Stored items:
+++++

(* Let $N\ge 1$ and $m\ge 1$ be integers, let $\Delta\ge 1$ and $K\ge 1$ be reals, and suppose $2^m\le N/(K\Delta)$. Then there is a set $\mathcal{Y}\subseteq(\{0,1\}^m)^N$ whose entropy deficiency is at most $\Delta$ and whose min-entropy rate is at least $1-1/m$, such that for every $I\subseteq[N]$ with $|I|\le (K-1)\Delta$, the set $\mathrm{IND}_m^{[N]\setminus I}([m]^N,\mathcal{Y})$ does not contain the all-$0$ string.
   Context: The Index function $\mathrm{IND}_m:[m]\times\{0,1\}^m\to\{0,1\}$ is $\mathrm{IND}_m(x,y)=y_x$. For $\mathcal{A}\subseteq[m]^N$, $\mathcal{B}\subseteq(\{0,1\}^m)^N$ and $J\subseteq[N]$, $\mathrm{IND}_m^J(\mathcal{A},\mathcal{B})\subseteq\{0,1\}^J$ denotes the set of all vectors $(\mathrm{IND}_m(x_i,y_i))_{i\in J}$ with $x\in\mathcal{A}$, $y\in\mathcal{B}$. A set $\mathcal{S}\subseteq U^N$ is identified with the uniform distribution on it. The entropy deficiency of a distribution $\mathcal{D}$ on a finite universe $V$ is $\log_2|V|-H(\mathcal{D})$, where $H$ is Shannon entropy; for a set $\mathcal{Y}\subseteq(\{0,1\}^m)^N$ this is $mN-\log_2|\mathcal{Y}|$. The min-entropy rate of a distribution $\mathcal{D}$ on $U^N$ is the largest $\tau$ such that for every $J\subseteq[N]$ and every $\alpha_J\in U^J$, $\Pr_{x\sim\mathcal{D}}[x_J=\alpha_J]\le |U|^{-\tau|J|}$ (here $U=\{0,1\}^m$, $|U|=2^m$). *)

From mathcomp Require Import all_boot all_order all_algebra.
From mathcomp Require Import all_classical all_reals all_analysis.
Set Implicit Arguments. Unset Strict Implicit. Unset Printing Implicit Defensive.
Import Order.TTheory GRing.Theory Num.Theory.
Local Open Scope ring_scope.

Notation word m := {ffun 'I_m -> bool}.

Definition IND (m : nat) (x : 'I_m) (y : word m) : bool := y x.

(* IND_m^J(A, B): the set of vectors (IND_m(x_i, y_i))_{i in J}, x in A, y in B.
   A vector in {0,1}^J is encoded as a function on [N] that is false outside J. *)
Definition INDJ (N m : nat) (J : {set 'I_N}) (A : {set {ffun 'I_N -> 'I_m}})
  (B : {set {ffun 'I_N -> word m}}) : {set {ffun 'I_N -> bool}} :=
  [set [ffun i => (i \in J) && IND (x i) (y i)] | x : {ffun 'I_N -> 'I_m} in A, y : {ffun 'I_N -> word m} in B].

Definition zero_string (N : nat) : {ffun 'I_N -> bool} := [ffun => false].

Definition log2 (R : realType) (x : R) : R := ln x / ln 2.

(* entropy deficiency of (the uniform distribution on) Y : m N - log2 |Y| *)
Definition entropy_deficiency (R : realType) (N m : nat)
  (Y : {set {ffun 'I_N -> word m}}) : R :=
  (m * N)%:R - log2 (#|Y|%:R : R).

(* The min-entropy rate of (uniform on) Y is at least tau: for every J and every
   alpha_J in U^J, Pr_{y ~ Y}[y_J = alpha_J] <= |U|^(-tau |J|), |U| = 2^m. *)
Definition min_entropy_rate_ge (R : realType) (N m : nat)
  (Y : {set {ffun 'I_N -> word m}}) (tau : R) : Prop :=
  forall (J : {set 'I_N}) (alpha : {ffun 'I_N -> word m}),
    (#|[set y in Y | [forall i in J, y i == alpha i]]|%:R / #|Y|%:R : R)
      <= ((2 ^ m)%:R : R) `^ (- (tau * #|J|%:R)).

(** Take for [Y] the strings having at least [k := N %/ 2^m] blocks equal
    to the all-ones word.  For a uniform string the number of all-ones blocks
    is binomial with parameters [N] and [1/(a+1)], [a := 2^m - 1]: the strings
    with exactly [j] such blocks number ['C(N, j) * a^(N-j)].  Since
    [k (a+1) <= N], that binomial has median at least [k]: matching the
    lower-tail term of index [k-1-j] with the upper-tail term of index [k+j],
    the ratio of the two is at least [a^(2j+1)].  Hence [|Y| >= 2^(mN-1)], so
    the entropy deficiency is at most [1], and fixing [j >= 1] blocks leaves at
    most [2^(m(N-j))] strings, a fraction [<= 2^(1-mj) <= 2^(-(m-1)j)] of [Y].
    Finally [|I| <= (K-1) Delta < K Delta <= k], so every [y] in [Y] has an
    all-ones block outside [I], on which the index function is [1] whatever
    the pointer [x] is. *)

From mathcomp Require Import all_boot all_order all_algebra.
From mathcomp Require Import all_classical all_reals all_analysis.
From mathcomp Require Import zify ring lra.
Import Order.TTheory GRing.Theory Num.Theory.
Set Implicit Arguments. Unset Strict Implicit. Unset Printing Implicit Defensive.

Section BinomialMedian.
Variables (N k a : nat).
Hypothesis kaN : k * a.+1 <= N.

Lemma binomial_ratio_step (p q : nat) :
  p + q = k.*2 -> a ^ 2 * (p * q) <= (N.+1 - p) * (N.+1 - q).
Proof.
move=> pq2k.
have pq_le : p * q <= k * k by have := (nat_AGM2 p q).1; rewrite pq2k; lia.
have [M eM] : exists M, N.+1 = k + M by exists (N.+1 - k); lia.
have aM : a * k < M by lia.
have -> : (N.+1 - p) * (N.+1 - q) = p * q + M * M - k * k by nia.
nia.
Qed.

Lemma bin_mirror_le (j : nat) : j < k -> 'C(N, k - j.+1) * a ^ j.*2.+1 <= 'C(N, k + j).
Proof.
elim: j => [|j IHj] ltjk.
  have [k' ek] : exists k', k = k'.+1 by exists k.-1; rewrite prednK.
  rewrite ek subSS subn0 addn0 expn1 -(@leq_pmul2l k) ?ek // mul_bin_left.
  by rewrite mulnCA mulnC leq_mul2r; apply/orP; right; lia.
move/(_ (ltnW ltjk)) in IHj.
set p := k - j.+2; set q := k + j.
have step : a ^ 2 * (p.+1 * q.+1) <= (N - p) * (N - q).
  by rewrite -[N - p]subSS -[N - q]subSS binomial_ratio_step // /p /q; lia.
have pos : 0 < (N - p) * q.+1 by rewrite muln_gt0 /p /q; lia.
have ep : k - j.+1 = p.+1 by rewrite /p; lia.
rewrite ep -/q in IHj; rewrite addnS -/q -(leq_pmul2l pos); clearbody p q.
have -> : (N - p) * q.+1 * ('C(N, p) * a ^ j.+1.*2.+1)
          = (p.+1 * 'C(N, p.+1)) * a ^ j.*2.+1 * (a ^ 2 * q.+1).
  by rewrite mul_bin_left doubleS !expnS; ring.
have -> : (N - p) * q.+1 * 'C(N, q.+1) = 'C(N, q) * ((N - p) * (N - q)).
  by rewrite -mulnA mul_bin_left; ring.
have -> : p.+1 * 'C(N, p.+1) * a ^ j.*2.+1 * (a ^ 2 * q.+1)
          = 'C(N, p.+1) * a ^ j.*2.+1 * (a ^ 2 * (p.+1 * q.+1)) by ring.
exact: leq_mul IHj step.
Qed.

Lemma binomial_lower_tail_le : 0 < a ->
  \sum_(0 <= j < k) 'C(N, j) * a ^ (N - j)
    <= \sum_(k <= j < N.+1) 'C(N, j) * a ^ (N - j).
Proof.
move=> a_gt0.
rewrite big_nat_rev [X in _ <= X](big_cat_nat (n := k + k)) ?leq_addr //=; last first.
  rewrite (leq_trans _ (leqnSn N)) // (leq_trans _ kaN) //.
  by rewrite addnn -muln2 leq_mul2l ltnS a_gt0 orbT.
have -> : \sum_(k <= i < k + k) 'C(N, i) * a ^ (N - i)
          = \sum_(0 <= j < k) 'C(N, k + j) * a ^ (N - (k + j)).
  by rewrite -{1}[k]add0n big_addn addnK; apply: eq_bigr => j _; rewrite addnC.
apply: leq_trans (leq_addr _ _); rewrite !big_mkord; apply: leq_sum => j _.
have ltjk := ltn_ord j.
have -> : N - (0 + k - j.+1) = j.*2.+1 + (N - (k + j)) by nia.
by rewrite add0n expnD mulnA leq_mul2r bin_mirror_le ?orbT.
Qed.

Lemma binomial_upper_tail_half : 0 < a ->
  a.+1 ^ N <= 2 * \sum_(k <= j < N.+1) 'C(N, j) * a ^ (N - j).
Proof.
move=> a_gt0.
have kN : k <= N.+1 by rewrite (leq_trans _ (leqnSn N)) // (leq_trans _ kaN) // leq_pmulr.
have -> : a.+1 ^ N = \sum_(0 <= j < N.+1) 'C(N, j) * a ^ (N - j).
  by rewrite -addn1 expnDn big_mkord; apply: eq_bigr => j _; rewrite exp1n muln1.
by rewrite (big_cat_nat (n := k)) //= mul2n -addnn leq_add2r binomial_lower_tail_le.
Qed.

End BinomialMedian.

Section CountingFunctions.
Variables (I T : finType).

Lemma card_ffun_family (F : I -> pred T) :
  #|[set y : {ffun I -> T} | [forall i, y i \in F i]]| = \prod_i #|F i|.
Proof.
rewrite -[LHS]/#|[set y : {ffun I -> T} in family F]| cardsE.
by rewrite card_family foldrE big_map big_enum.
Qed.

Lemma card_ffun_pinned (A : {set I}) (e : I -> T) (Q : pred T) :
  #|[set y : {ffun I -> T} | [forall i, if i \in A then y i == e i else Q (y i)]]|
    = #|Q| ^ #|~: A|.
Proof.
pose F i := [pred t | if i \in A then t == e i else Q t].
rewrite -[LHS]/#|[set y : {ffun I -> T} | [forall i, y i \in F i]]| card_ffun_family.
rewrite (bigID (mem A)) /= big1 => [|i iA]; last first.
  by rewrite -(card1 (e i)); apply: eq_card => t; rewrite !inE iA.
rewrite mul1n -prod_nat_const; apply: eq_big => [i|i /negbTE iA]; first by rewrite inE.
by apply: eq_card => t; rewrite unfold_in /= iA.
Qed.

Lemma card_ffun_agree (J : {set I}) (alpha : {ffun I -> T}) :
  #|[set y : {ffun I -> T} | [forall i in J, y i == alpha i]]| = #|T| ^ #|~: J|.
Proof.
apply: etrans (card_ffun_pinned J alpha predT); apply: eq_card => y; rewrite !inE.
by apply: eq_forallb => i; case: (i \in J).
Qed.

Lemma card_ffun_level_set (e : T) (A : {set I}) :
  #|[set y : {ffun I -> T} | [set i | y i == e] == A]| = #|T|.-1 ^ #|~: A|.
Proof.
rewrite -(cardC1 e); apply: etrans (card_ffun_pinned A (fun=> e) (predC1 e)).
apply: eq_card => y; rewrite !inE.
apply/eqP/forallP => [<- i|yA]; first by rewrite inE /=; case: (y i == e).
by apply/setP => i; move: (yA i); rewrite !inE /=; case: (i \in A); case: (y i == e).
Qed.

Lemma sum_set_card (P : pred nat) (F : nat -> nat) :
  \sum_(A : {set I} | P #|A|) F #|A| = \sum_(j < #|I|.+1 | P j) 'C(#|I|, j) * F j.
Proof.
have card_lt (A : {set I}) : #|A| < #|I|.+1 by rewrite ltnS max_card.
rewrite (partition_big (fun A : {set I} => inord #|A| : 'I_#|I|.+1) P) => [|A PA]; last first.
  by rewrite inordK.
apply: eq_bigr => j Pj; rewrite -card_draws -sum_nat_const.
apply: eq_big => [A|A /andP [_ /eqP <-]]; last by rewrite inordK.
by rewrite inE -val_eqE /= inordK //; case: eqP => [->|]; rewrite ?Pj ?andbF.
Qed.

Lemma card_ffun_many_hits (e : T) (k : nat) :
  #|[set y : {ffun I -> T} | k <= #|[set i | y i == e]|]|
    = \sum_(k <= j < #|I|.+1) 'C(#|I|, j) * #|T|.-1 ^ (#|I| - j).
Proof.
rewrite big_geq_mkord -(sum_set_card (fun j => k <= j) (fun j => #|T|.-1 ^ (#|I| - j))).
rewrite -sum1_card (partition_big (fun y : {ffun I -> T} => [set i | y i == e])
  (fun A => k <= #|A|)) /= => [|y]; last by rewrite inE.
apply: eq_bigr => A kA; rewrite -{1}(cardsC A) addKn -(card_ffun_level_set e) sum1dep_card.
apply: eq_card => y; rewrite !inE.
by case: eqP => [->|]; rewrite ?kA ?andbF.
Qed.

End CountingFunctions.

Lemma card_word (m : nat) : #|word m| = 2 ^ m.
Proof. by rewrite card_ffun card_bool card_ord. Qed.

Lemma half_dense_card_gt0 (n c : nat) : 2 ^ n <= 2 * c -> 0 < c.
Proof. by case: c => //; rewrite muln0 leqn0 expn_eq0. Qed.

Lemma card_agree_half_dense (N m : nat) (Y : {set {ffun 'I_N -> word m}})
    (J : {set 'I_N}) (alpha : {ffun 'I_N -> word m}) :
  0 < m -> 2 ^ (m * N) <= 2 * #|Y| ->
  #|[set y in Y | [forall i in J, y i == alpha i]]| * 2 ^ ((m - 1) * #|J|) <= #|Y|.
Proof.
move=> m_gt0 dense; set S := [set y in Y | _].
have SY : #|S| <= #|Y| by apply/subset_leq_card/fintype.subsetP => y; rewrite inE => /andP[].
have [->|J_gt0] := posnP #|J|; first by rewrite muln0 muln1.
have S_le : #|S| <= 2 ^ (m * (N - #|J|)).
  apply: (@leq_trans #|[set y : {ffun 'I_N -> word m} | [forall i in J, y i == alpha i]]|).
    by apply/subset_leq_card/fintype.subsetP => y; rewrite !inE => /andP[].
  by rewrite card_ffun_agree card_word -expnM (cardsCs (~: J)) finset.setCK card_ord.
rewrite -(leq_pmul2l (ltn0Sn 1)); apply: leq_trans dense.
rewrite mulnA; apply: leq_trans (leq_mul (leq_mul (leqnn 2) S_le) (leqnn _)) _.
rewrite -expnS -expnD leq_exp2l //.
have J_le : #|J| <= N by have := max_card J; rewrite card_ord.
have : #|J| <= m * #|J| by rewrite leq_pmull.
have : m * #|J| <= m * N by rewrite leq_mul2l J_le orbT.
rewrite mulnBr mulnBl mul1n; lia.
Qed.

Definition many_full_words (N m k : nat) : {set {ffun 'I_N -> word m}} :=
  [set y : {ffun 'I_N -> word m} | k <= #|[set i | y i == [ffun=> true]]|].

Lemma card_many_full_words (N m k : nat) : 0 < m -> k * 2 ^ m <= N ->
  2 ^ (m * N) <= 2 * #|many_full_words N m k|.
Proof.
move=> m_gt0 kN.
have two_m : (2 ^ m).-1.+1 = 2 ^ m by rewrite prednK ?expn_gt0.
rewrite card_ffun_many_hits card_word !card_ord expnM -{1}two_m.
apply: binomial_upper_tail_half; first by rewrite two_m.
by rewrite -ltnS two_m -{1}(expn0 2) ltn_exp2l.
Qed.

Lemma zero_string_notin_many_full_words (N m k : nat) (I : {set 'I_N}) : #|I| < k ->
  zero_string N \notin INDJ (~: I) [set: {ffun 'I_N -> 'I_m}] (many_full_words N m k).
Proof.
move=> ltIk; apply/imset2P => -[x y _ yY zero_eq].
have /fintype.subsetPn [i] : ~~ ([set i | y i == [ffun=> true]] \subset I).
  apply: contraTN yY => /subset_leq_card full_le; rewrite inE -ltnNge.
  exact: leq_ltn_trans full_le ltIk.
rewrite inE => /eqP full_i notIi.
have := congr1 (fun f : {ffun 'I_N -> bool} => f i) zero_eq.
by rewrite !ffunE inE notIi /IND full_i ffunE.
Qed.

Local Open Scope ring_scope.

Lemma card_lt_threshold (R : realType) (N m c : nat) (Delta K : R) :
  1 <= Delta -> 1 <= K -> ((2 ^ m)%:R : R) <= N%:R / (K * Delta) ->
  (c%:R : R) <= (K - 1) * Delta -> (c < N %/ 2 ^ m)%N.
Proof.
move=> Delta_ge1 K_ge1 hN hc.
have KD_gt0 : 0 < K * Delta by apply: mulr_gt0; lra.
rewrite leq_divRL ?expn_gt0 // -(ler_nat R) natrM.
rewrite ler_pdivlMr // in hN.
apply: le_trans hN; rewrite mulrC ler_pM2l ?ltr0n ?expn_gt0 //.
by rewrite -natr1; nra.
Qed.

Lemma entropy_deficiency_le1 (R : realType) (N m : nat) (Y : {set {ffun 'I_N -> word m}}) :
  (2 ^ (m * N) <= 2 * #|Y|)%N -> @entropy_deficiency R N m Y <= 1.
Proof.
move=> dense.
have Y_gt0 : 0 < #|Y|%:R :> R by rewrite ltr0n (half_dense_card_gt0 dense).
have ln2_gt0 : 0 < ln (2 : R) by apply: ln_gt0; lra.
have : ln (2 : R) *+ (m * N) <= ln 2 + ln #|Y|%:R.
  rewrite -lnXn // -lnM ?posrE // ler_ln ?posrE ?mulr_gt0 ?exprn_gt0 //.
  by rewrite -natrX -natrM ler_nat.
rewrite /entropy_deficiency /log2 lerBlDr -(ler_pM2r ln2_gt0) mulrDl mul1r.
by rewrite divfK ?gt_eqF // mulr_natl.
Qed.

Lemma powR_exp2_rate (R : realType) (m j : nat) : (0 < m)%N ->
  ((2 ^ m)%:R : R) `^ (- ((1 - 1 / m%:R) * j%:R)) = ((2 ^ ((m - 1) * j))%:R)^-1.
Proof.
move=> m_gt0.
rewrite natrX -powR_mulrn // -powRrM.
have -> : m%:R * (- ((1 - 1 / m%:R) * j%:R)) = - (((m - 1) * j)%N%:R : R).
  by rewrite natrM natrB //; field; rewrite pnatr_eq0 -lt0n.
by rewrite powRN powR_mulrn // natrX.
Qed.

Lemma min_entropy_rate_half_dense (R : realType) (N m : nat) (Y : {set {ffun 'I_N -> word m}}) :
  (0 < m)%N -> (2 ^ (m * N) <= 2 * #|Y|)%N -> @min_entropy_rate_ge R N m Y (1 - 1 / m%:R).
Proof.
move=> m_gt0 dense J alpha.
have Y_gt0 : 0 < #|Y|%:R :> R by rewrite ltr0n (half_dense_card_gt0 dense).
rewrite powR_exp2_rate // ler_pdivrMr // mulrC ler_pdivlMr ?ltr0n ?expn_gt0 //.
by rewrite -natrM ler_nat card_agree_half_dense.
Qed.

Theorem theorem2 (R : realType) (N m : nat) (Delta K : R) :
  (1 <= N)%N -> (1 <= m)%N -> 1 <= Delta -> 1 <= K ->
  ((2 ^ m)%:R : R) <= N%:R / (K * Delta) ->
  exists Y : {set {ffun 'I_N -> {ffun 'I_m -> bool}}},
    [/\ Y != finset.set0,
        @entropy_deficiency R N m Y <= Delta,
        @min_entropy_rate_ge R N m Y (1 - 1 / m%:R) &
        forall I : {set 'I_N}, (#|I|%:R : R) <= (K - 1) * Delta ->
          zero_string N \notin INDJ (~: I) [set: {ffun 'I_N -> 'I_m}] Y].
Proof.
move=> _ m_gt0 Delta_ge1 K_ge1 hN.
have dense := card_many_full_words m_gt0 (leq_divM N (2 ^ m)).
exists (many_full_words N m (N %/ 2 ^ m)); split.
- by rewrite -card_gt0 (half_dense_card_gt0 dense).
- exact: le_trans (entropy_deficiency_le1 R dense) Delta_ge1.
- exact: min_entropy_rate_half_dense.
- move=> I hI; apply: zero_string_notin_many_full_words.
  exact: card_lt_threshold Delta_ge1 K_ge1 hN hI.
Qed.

+++++

Working from the data above, extract solely the lines from the one containing "have ltjk := ltn_ord j." through the one containing "have kN : k", exactly as they appear, both included.

→ Response:
have ltjk := ltn_ord j.
have -> : N - (0 + k - j.+1) = j.*2.+1 + (N - (k + j)) by nia.
by rewrite add0n expnD mulnA leq_mul2r bin_mirror_le ?orbT.
Qed.

Lemma binomial_upper_tail_half : 0 < a ->
  a.+1 ^ N <= 2 * \sum_(k <= j < N.+1) 'C(N, j) * a ^ (N - j).
Proof.
move=> a_gt0.
have kN : k <= N.+1 by rewrite (leq_trans _ (leqnSn N)) // (leq_trans _ kaN) // leq_pmulr.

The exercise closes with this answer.